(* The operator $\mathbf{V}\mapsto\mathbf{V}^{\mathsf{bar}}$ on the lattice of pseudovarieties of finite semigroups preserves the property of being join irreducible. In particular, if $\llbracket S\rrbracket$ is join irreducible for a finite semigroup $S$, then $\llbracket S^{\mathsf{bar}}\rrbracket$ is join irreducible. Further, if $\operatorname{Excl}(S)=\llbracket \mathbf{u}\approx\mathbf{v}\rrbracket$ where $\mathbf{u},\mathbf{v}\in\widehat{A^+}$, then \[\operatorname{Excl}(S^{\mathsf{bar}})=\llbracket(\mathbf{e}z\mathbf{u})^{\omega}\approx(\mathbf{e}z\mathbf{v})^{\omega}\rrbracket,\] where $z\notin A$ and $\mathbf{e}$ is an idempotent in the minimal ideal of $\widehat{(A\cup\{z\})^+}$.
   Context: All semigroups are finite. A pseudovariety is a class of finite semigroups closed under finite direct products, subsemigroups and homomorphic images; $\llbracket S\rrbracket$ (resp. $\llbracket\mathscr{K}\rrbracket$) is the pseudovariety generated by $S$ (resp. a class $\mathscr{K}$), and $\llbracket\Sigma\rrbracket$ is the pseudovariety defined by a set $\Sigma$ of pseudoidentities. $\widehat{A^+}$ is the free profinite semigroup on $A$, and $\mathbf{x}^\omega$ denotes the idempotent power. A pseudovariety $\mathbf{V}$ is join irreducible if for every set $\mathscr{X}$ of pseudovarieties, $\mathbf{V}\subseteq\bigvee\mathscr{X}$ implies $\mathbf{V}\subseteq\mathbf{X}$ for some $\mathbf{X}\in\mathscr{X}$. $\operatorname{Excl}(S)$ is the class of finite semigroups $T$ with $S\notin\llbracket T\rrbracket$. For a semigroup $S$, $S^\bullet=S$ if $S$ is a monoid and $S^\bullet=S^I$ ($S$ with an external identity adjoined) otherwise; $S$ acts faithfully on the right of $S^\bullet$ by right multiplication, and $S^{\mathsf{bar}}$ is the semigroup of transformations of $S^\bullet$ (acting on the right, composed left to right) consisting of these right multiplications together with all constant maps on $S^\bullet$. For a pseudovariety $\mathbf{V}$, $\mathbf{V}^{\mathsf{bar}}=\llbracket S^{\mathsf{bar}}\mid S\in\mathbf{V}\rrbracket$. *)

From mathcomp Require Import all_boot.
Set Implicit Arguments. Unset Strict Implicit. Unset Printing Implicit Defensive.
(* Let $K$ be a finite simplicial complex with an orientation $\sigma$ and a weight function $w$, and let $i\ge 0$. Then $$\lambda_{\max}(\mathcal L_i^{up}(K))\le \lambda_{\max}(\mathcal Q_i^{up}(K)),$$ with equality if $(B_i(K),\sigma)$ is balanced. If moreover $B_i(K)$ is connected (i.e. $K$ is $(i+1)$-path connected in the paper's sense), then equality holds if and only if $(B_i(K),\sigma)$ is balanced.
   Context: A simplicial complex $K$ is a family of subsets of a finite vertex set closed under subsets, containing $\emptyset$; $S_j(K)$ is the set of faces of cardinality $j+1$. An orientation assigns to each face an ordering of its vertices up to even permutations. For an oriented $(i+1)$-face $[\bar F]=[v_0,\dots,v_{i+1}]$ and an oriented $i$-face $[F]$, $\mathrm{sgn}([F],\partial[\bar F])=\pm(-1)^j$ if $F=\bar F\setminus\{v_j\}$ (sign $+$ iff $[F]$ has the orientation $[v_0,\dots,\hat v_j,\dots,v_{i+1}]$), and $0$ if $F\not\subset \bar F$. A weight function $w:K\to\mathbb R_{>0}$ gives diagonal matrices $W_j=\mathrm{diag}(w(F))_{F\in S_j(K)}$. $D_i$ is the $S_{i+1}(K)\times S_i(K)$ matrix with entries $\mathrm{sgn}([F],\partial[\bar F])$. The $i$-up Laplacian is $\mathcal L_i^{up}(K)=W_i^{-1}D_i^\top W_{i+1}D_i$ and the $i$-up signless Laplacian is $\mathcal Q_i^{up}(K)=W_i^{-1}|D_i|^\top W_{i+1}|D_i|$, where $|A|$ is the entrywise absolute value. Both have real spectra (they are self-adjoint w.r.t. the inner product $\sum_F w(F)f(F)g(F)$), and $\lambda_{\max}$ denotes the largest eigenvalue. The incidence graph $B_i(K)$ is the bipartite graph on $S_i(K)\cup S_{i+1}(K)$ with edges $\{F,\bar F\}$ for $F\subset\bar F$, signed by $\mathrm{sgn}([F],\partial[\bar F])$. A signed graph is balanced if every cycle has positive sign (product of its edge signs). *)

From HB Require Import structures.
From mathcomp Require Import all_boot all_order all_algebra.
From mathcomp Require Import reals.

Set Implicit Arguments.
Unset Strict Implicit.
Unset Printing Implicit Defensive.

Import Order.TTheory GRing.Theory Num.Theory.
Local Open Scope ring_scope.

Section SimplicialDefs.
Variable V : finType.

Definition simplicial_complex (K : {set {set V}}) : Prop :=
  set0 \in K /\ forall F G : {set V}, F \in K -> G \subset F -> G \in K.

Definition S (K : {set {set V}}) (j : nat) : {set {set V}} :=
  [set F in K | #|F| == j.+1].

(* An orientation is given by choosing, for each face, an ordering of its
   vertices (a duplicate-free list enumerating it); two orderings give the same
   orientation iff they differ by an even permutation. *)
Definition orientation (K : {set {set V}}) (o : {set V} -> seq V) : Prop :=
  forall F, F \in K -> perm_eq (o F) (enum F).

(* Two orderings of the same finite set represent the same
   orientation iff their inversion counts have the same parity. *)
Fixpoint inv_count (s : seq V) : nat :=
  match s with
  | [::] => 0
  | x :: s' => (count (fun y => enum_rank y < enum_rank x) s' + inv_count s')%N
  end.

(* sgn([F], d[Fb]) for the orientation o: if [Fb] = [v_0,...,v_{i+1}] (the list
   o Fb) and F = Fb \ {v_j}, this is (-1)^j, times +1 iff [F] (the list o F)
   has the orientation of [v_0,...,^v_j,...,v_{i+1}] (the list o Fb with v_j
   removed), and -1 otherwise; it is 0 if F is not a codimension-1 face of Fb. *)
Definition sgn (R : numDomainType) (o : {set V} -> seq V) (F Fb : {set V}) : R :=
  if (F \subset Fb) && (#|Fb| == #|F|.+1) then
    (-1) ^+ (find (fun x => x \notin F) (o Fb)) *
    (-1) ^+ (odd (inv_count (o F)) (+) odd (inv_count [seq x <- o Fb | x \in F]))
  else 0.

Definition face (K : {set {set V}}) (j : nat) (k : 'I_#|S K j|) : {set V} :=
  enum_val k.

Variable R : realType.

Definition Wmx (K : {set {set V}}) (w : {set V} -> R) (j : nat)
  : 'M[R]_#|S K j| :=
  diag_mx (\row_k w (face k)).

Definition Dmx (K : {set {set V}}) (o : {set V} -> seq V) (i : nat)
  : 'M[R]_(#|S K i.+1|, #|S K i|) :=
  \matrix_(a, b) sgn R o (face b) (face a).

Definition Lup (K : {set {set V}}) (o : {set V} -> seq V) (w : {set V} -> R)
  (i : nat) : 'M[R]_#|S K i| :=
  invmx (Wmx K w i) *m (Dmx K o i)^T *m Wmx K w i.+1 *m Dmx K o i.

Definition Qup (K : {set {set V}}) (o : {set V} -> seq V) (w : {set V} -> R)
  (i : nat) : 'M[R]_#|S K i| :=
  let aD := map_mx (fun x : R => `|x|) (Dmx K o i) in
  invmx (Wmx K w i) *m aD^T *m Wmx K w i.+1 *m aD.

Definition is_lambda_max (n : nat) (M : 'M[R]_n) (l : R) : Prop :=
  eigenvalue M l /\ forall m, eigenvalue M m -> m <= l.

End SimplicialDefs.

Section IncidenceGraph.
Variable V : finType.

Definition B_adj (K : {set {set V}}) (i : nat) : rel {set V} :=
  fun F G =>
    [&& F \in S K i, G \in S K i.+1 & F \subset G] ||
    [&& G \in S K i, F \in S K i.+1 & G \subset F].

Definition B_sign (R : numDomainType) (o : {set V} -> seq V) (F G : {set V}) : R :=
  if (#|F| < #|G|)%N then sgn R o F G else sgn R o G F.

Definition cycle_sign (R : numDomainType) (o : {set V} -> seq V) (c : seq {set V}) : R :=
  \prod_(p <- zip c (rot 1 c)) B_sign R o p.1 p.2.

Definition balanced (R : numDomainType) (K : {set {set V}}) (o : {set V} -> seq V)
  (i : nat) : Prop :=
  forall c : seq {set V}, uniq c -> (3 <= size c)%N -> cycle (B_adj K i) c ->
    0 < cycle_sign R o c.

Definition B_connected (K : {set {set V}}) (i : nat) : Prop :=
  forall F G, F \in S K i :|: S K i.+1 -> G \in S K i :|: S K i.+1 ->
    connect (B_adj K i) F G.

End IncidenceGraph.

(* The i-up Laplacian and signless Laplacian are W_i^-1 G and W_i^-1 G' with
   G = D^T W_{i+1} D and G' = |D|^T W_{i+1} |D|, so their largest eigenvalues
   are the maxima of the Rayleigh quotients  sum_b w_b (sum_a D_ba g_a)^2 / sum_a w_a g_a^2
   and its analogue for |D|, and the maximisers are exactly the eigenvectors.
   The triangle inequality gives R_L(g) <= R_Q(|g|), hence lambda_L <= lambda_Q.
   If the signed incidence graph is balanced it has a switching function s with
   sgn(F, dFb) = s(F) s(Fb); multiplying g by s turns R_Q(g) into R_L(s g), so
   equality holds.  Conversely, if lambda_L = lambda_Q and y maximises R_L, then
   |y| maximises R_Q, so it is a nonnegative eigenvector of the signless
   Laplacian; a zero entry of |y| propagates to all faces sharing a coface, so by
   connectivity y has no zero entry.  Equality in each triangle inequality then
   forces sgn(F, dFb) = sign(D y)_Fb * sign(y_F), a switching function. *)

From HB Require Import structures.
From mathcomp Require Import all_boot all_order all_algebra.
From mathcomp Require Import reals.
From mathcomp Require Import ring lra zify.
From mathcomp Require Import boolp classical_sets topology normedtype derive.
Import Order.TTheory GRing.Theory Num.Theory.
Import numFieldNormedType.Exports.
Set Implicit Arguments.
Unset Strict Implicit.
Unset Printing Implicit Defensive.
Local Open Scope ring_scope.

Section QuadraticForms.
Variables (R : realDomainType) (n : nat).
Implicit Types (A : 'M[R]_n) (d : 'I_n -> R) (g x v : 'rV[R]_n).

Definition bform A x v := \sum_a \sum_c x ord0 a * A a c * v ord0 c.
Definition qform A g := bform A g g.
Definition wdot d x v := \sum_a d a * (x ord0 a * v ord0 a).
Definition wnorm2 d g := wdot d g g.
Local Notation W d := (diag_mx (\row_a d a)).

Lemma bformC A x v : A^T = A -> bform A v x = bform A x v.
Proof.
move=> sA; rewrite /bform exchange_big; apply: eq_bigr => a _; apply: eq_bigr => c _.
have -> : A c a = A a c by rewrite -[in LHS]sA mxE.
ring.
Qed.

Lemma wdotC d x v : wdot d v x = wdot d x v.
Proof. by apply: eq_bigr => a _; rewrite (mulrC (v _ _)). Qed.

------------------------------------

» **WHAT YOU WILL DO**
Search the listing above for the lines with "End SimplicialDefs." and "if (#|F| < #|G|)%N", then output those lines and all lines between them exactly.

» **PROBLEM SOLUTION**
End SimplicialDefs.

Section IncidenceGraph.
Variable V : finType.

Definition B_adj (K : {set {set V}}) (i : nat) : rel {set V} :=
  fun F G =>
    [&& F \in S K i, G \in S K i.+1 & F \subset G] ||
    [&& G \in S K i, F \in S K i.+1 & G \subset F].

Definition B_sign (R : numDomainType) (o : {set V} -> seq V) (F G : {set V}) : R :=
  if (#|F| < #|G|)%N then sgn R o F G else sgn R o G F.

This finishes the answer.